### Task goal
In the records below, find the line with "sup [set tau"; retype that line and all the following lines through the end, exactly, and add nothing.

### Records for the task
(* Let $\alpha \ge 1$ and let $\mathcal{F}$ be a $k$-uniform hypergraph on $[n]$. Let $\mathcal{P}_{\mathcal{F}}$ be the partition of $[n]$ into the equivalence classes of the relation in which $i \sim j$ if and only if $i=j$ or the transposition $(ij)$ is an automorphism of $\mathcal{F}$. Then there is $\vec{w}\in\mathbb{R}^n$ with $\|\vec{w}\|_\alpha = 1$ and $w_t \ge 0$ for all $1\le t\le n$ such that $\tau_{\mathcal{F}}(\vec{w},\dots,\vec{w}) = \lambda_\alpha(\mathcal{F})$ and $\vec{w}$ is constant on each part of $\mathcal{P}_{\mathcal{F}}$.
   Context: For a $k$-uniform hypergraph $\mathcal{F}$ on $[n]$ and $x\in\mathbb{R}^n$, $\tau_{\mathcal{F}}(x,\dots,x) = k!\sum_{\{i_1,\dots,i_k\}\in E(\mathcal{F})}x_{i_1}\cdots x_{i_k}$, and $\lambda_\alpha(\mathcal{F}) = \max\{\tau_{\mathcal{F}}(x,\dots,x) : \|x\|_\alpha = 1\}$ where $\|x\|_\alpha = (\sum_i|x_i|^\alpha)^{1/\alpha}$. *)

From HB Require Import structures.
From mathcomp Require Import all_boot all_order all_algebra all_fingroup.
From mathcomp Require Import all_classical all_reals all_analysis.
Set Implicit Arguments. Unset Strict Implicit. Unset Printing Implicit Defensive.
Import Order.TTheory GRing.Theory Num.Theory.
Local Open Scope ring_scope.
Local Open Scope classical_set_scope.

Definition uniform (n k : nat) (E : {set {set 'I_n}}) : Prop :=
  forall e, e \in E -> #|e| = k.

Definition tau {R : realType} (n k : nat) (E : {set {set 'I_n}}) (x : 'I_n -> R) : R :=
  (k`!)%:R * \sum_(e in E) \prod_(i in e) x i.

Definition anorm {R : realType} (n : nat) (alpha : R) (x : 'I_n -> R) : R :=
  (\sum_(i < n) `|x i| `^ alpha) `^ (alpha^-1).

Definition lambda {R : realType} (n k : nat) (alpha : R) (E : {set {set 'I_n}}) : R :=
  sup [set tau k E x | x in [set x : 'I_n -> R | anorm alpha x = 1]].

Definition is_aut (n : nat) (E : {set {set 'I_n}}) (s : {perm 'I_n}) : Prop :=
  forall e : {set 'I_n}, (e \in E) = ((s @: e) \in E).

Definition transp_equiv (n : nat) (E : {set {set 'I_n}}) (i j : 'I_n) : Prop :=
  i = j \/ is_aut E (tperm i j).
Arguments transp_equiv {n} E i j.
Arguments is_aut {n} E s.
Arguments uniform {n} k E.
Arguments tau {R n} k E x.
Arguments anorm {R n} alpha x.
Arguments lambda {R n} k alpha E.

### Answer
  sup [set tau k E x | x in [set x : 'I_n -> R | anorm alpha x = 1]].

Definition is_aut (n : nat) (E : {set {set 'I_n}}) (s : {perm 'I_n}) : Prop :=
  forall e : {set 'I_n}, (e \in E) = ((s @: e) \in E).

Definition transp_equiv (n : nat) (E : {set {set 'I_n}}) (i j : 'I_n) : Prop :=
  i = j \/ is_aut E (tperm i j).
Arguments transp_equiv {n} E i j.
Arguments is_aut {n} E s.
Arguments uniform {n} k E.
Arguments tau {R n} k E x.
Arguments anorm {R n} alpha x.
Arguments lambda {R n} k alpha E.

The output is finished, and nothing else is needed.